Share Buyback Programs
Early in the year, we announced a 2022 share buyback program of €600 million, which was later expanded to €1 billion on August 3, 2022. In the year to date, through October 31, 2022, we have repurchased €756 million in shares (7.7 million shares at an average price of €97.60). A third party mandate is in place to complete the final tranche of €244 million in share buybacks in the period starting November 3, 2022, up to and including December 28, 2022.
Looking ahead to 2023, we have this week signed a third-party mandate to execute up to €100 million in share buybacks for the period starting January 2, 2023, up to and including February 20, 2023.

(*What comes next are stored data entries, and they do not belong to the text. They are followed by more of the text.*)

Definition EFS_2dim (D : TwoCat) (E M : HomClass D) : Prop :=
  forall (F F' G G' : Ob D) (e : Hom F F') (m : Hom G G')
         (a1 a2 : Hom F G) (a1' a2' : Hom F' G')
         (h1 : comp1 a1' e = comp1 m a1) (h2 : comp1 a2' e = comp1 m a2)
         (Phi : Cell a1 a2) (Phi' : Cell a1' a2'),
    E _ _ e -> M _ _ m ->
    hcomp (id2 m) Phi = cellcast h1 h2 (hcomp Phi' (id2 e)) ->
    forall (d1 d2 : Hom F' G)
           (k1 : comp1 d1 e = a1) (k2 : comp1 d2 e = a2)
           (l1 : comp1 m d1 = a1') (l2 : comp1 m d2 = a2'),
      exists! Delta : Cell d1 d2,
        cellcast k1 k2 (hcomp Delta (id2 e)) = Phi /\
        cellcast l1 l2 (hcomp (id2 m) Delta) = Phi'.

Definition isEFS (D : TwoCat) (E M : HomClass D) : Prop :=
  (forall (a b : Ob D) (f : Hom a b), iso1 f -> E a b f) /\
  (forall (a b : Ob D) (f : Hom a b), iso1 f -> M a b f) /\
  (forall (a b : Ob D) (f : Hom a b),
      exists (c : Ob D) (e : Hom a c) (m : Hom c b),
        E a c e /\ M c b m /\ f = comp1 m e) /\
  EFS_lifting D E M /\
  EFS_2dim D E M.

From Stdlib Require Import ClassicalEpsilon ProofIrrelevance.

(* Factor every component as [alpha_c = mu_c o eps_c] with [eps_c] in E and
   [mu_c] in M.  For [f : a -> b], naturality of alpha makes the square
   [(G f o mu_a) o eps_a = mu_b o (eps_b o F f)] commute, so the lifting
   property (ii) with the identity 2-cell gives a unique [I f] with
   [I f o eps_a = eps_b o F f] and [mu_b o I f = G f o mu_a]; property (iii)
   likewise gives a unique [I x] for every 2-cell [x].  Uniqueness of these
   fillers makes [I] a 2-functor, and their defining equations are exactly
   the naturality of [eps] and [mu]. *)

Section CellHeq.
Context {D : TwoCat}.

Definition cell_heq {a b : Ob D} {f g f' g' : Hom a b} (x : Cell f g) (y : Cell f' g') : Prop :=
  exists (e1 : f = f') (e2 : g = g'), cellcast e1 e2 x = y.

Local Infix "=~" := cell_heq (at level 70).

Lemma cell_heq_refl {a b : Ob D} {f g : Hom a b} (x : Cell f g) : x =~ x.
Proof. exists eq_refl, eq_refl. reflexivity. Qed.

Lemma cell_heq_sym {a b : Ob D} {f g f' g' : Hom a b} (x : Cell f g) (y : Cell f' g') :
  x =~ y -> y =~ x.
Proof. intros [e1 [e2 H]]. subst. apply cell_heq_refl. Qed.

Lemma cell_heq_trans {a b : Ob D} {f g f' g' f'' g'' : Hom a b}
  (x : Cell f g) (y : Cell f' g') (z : Cell f'' g'') : x =~ y -> y =~ z -> x =~ z.
Proof. intros [e1 [e2 H]] [e3 [e4 H']]. subst. apply cell_heq_refl. Qed.

Lemma cell_heq_cellcast {a b : Ob D} {f g f' g' : Hom a b}
  (x : Cell f g) (e1 : f = f') (e2 : g = g') : x =~ cellcast e1 e2 x.
Proof. exists e1, e2. reflexivity. Qed.

Lemma cellcast_heq {a b : Ob D} {f g f' g' : Hom a b} (x : Cell f g) (y : Cell f' g') :
  x =~ y -> forall (e1 : f = f') (e2 : g = g'), cellcast e1 e2 x = y.
Proof.
  intros [e1 [e2 H]] e1' e2'.
  rewrite (proof_irrelevance _ e1' e1), (proof_irrelevance _ e2' e2). exact H.
Qed.

Lemma cell_heq_eq {a b : Ob D} {f g : Hom a b} (x y : Cell f g) : x =~ y -> x = y.
Proof. intro H. exact (cellcast_heq x y H eq_refl eq_refl). Qed.

Lemma id2_heq {a b : Ob D} (f g : Hom a b) : f = g -> id2 f =~ id2 g.
Proof. intros ->. apply cell_heq_refl. Qed.

Lemma hcomp_heq {a b c : Ob D} {f f' h h' : Hom a b} {g g' k k' : Hom b c}
  (y : Cell g g') (x : Cell f f') (y' : Cell k k') (x' : Cell h h') :
  y =~ y' -> x =~ x' -> hcomp y x =~ hcomp y' x'.
Proof. intros [e1 [e2 H]] [e3 [e4 H']]. subst. apply cell_heq_refl. Qed.

Lemma vcomp_heq {a b : Ob D} {f g h f' g' h' : Hom a b}
  (y : Cell g h) (x : Cell f g) (y' : Cell g' h') (x' : Cell f' g') :
  y =~ y' -> x =~ x' -> vcomp y x =~ vcomp y' x'.
Proof.
  intros [e1 [e2 H]] [e3 [e4 H']]. destruct e4, e3, e2.
  rewrite (proof_irrelevance _ e1 eq_refl) in H. simpl in *. subst. apply cell_heq_refl.
Qed.

Lemma hcomp_assoc_heq {a b c d : Ob D} {f f' : Hom a b} {g g' : Hom b c} {h h' : Hom c d}
  (z : Cell h h') (y : Cell g g') (x : Cell f f') :
  hcomp z (hcomp y x) =~ hcomp (hcomp z y) x.
Proof. rewrite <- (hcomp_assoc (tc_laws D)). apply cell_heq_cellcast. Qed.

End CellHeq.

Infix "=~" := cell_heq (at level 70).

Lemma fcell_hcomp_heq {C D : TwoCat} (H : TwoFunctor C D) {a b c : Ob C}
  {f f' : Hom a b} {g g' : Hom b c} (y : Cell g g') (x : Cell f f') :
  fcell H (hcomp y x) =~ hcomp (fcell H y) (fcell H x).
Proof. rewrite <- (f_hcomp H). apply cell_heq_cellcast. Qed.

Lemma nat2_heq {C D : TwoCat} {F G : TwoFunctor C D} (al : TwoNat F G) {a b : Ob C}
  {f g : Hom a b} (x : Cell f g) :
  hcomp (fcell G x) (id2 (ncomp al a)) =~ hcomp (id2 (ncomp al b)) (fcell F x).
Proof. rewrite <- (nat2 al). apply cell_heq_cellcast. Qed.

Section EnhancedFactorizationSystem.
Context {D : TwoCat} {E M : HomClass D}.

Lemma efs_lifting : isEFS D E M -> EFS_lifting D E M.
Proof. intros (_ & _ & _ & H & _). exact H. Qed.

Lemma efs_2dim : isEFS D E M -> EFS_2dim D E M.
Proof. intros (_ & _ & _ & _ & H). exact H. Qed.

Lemma inv2_cellcast_id2 {a b : Ob D} (f g : Hom a b) (q : f = g) :
  inv2 (cellcast eq_refl q (id2 f)).
Proof. destruct q. exists (id2 f). simpl. split; apply (vcomp_id_l (tc_laws D)). Qed.

(* The identity case of (ii) yields a filler; uniqueness in (ii) applied to
   the identity 2-cell of any other filler shows that fillers are unique. *)
Lemma efs_unique_diagonal (lifting : EFS_lifting D E M) {X X' Y Y' : Ob D}
  (e : Hom X X') (m : Hom Y Y') (al : Hom X Y) (al' : Hom X' Y') :
  E _ _ e -> M _ _ m -> comp1 al' e = comp1 m al ->
  exists! d, comp1 d e = al /\ comp1 m d = al'.
Proof.
  intros HE HM q.
  destruct (lifting _ _ _ _ e m al al' (cellcast eq_refl q (id2 _)) HE HM
              (inv2_cellcast_id2 _ _ q))
    as (d & Pt & _ & [de _] & unique_lift & identity_lift).
  destruct (identity_lift (ex_intro _ q eq_refl)) as [md _].
  exists d. split; [split; assumption|].
  intros d' [d'e md'].
  set (Pt' := cellcast eq_refl (eq_sym md') (id2 al')).
  symmetry. refine (f_equal (@projT1 _ _) (unique_lift d' Pt' (inv2_cellcast_id2 _ _ _) _)).
  exists d'e. apply cellcast_heq.
  apply (cell_heq_trans _ (hcomp (id2 al') (id2 e))).
  - apply hcomp_heq; [apply cell_heq_sym, cell_heq_cellcast | apply cell_heq_refl].
  - rewrite (hcomp_id2 (tc_laws D)). apply cell_heq_cellcast.
Qed.

Record Factorization {a b : Ob D} (f : Hom a b) := {
  fac_ob : Ob D;
  fac_e : Hom a fac_ob;
  fac_m : Hom fac_ob b;
  fac_E : E _ _ fac_e;
  fac_M : M _ _ fac_m;
  fac_eq : f = comp1 fac_m fac_e
}.

Lemma efs_factorization (HEM : isEFS D E M) {a b : Ob D} (f : Hom a b) :
  inhabited (Factorization f).
Proof.
  destruct HEM as (_ & _ & Hf & _).
  destruct (Hf _ _ f) as (c & e & m & He & Hm & Heq).
  exact (inhabits {| fac_ob := c; fac_e := e; fac_m := m; fac_E := He; fac_M := Hm; fac_eq := Heq |}).
Qed.

Definition factor (HEM : isEFS D E M) {a b : Ob D} (f : Hom a b) : Factorization f :=
  epsilon (efs_factorization HEM f) (fun _ => True).

End EnhancedFactorizationSystem.

Arguments fac_ob {D E M a b f} _.
Arguments fac_e {D E M a b f} _.
Arguments fac_m {D E M a b f} _.
Arguments fac_E {D E M a b f} _.
Arguments fac_M {D E M a b f} _.
Arguments fac_eq {D E M a b f} _.

Section ImageFunctor.
Context (C D : TwoCat) (E M : HomClass D) (HEM : isEFS D E M)
  (F G : TwoFunctor C D) (alpha : TwoNat F G).

Let fac (c : Ob C) := factor HEM (ncomp alpha c).
Definition Iob (c : Ob C) : Ob D := fac_ob (fac c).
Definition eps_comp (c : Ob C) : Hom (fob F c) (Iob c) := fac_e (fac c).
Definition mu_comp (c : Ob C) : Hom (Iob c) (fob G c) := fac_m (fac c).

Lemma alpha_factor (c : Ob C) : ncomp alpha c = comp1 (mu_comp c) (eps_comp c).
Proof. exact (fac_eq (fac c)). Qed.

Lemma naturality_square {a b : Ob C} (f : Hom a b) :
  comp1 (comp1 (fhom G f) (mu_comp a)) (eps_comp a)
  = comp1 (mu_comp b) (comp1 (eps_comp b) (fhom F f)).
Proof.
  rewrite <- (comp1_assoc (tc_laws D)), <- alpha_factor, (nat1 alpha), alpha_factor.
  symmetry. apply (comp1_assoc (tc_laws D)).
Qed.

Definition IhomP {a b : Ob C} (f : Hom a b) (d : Hom (Iob a) (Iob b)) : Prop :=
  comp1 d (eps_comp a) = comp1 (eps_comp b) (fhom F f)
  /\ comp1 (mu_comp b) d = comp1 (fhom G f) (mu_comp a).

Lemma Ihom_exists {a b : Ob C} (f : Hom a b) : exists! d, IhomP f d.
Proof.
  apply (efs_unique_diagonal (efs_lifting HEM)); [apply fac_E | apply fac_M |].
  apply naturality_square.
Qed.

Definition Ihom {a b : Ob C} (f : Hom a b) : Hom (Iob a) (Iob b) :=
  proj1_sig (constructive_indefinite_description _ (Ihom_exists f)).

Lemma Ihom_spec {a b : Ob C} (f : Hom a b) :
  IhomP f (Ihom f) /\ forall d, IhomP f d -> Ihom f = d.
Proof. exact (proj2_sig (constructive_indefinite_description _ (Ihom_exists f))). Qed.

Lemma Ihom_eps {a b : Ob C} (f : Hom a b) :
  comp1 (Ihom f) (eps_comp a) = comp1 (eps_comp b) (fhom F f).
Proof. apply Ihom_spec. Qed.

Lemma Ihom_mu {a b : Ob C} (f : Hom a b) :
  comp1 (mu_comp b) (Ihom f) = comp1 (fhom G f) (mu_comp a).
Proof. apply Ihom_spec. Qed.

Lemma Ihom_unique {a b : Ob C} (f : Hom a b) d : IhomP f d -> Ihom f = d.
Proof. apply Ihom_spec. Qed.

Lemma Ihom_id1 (a : Ob C) : Ihom (id1 a) = id1 (Iob a).
Proof.
  apply Ihom_unique. split.
  - rewrite (f_id1 F), (comp1_id_l (tc_laws D)), (comp1_id_r (tc_laws D)). reflexivity.
  - rewrite (f_id1 G), (comp1_id_l (tc_laws D)), (comp1_id_r (tc_laws D)). reflexivity.
Qed.

Lemma Ihom_comp1 (a b c : Ob C) (g : Hom b c) (f : Hom a b) :
  Ihom (comp1 g f) = comp1 (Ihom g) (Ihom f).
Proof.
  apply Ihom_unique. split.
  - rewrite (f_comp1 F), <- (comp1_assoc (tc_laws D)), Ihom_eps, (comp1_assoc (tc_laws D)),
      Ihom_eps, <- (comp1_assoc (tc_laws D)). reflexivity.
  - rewrite (f_comp1 G), (comp1_assoc (tc_laws D)), Ihom_mu, <- (comp1_assoc (tc_laws D)),
      Ihom_mu, (comp1_assoc (tc_laws D)). reflexivity.
Qed.

(* Hypothesis of (iii) for the two whiskerings of [x]: both sides are
   [alpha_b * F x = G x * alpha_a] by naturality of alpha. *)
Lemma whiskered_naturality {a b : Ob C} {f g : Hom a b} (x : Cell f g) :
  hcomp (id2 (mu_comp b)) (hcomp (id2 (eps_comp b)) (fcell F x))
  = cellcast (naturality_square f) (naturality_square g)
      (hcomp (hcomp (fcell G x) (id2 (mu_comp a))) (id2 (eps_comp a))).
Proof.
  symmetry. apply cellcast_heq, cell_heq_sym.
  apply (cell_heq_trans _ (hcomp (hcomp (id2 (mu_comp b)) (id2 (eps_comp b))) (fcell F x))).
  { apply hcomp_assoc_heq. }
  rewrite (hcomp_id2 (tc_laws D)).
  apply (cell_heq_trans _ (hcomp (id2 (ncomp alpha b)) (fcell F x))).
  { apply hcomp_heq; [apply id2_heq, eq_sym, alpha_factor | apply cell_heq_refl]. }
  apply (cell_heq_trans _ (hcomp (fcell G x) (id2 (ncomp alpha a)))).
  { apply cell_heq_sym, nat2_heq. }
  apply (cell_heq_trans _ (hcomp (fcell G x) (hcomp (id2 (mu_comp a)) (id2 (eps_comp a))))).
  { rewrite (hcomp_id2 (tc_laws D)).
    apply hcomp_heq; [apply cell_heq_refl | apply id2_heq, alpha_factor]. }
  apply hcomp_assoc_heq.
Qed.

Definition IcellP {a b : Ob C} {f g : Hom a b} (x : Cell f g) {d1 d2 : Hom (Iob a) (Iob b)}
  (Delta : Cell d1 d2) : Prop :=
  hcomp Delta (id2 (eps_comp a)) =~ hcomp (id2 (eps_comp b)) (fcell F x)
  /\ hcomp (id2 (mu_comp b)) Delta =~ hcomp (fcell G x) (id2 (mu_comp a)).

Lemma Icell_exists {a b : Ob C} {f g : Hom a b} (x : Cell f g) :
  exists! Delta : Cell (Ihom f) (Ihom g), IcellP x Delta.
Proof.
  destruct (efs_2dim HEM _ _ _ _ (eps_comp a) (mu_comp b) _ _ _ _
              (naturality_square f) (naturality_square g)
              (hcomp (id2 (eps_comp b)) (fcell F x))
              (hcomp (fcell G x) (id2 (mu_comp a))) (fac_E _) (fac_M _)
              (whiskered_naturality x) _ _ (Ihom_eps f) (Ihom_eps g) (Ihom_mu f) (Ihom_mu g))
    as (Delta & [He Hm] & uniq).
  exists Delta. split.
  - split; [rewrite <- He | rewrite <- Hm]; apply cell_heq_cellcast.
  - intros Delta' [He' Hm']. apply uniq. split; apply cellcast_heq; assumption.
Qed.

Definition Icell {a b : Ob C} {f g : Hom a b} (x : Cell f g) : Cell (Ihom f) (Ihom g) :=
  proj1_sig (constructive_indefinite_description _ (Icell_exists x)).

Lemma Icell_spec {a b : Ob C} {f g : Hom a b} (x : Cell f g) :
  IcellP x (Icell x) /\ forall Delta, IcellP x Delta -> Icell x = Delta.
Proof. exact (proj2_sig (constructive_indefinite_description _ (Icell_exists x))). Qed.

Lemma Icell_eps {a b : Ob C} {f g : Hom a b} (x : Cell f g) :
  hcomp (Icell x) (id2 (eps_comp a)) =~ hcomp (id2 (eps_comp b)) (fcell F x).
Proof. apply Icell_spec. Qed.

Lemma Icell_mu {a b : Ob C} {f g : Hom a b} (x : Cell f g) :
  hcomp (id2 (mu_comp b)) (Icell x) =~ hcomp (fcell G x) (id2 (mu_comp a)).
Proof. apply Icell_spec. Qed.

Lemma Icell_unique {a b : Ob C} {f g : Hom a b} (x : Cell f g) {d1 d2 : Hom (Iob a) (Iob b)}
  (Delta : Cell d1 d2) : d1 = Ihom f -> d2 = Ihom g -> IcellP x Delta -> Delta =~ Icell x.
Proof.
  intros -> -> H. rewrite (proj2 (Icell_spec x) Delta H). apply cell_heq_refl.
Qed.

Lemma Icell_id2 (a b : Ob C) (f : Hom a b) : Icell (id2 f) = id2 (Ihom f).
Proof.
  symmetry. apply cell_heq_eq, Icell_unique; try reflexivity. split.
  - rewrite !(hcomp_id2 (tc_laws D)), (f_id2 F), (hcomp_id2 (tc_laws D)).
    apply id2_heq, Ihom_eps.
  - rewrite !(hcomp_id2 (tc_laws D)), (f_id2 G), (hcomp_id2 (tc_laws D)).
    apply id2_heq, Ihom_mu.
Qed.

Assuming global economic conditions do not deteriorate substantially, we continue to believe this level of share buybacks leaves us with ample headroom to support our dividend plans, to sustain organic investment, and to make selective acquisitions. The share repurchases may be suspended, discontinued, or modified at any time. Third party mandates are governed by the limits of relevant laws and regulations (in particular Regulation (EU) 596/2014) and Wolters Kluwer’s Articles of Association. Repurchased shares are added to and held as treasury shares and are either cancelled or held to meet future obligations arising from share-based incentive plans. We remain committed to our anti-dilution policy which aims to offset the dilution caused by our annual incentive share issuance with share repurchases.
Share Cancellation 2022
On August 31, 2022, we cancelled 5.0 million shares that were held in treasury, as approved by shareholders at the AGM in April 2022. Following this cancellation, the number of issued ordinary shares is 257,516,153. As of September 30, 2022, 252.3 million shares were outstanding and 5.2 million shares were held in treasury.
Full-Year 2022 Outlook
We reiterate our full-year guidance as provided on August 3, 2022. See table below. Following clarification of new U.S. tax rules on the capitalization of research and development expenses, we now expect adjusted free cash flow in constant currencies to be near the top of our guided range. We continue to expect organic momentum to slow moderately in the fourth quarter, largely due to challenging comparables.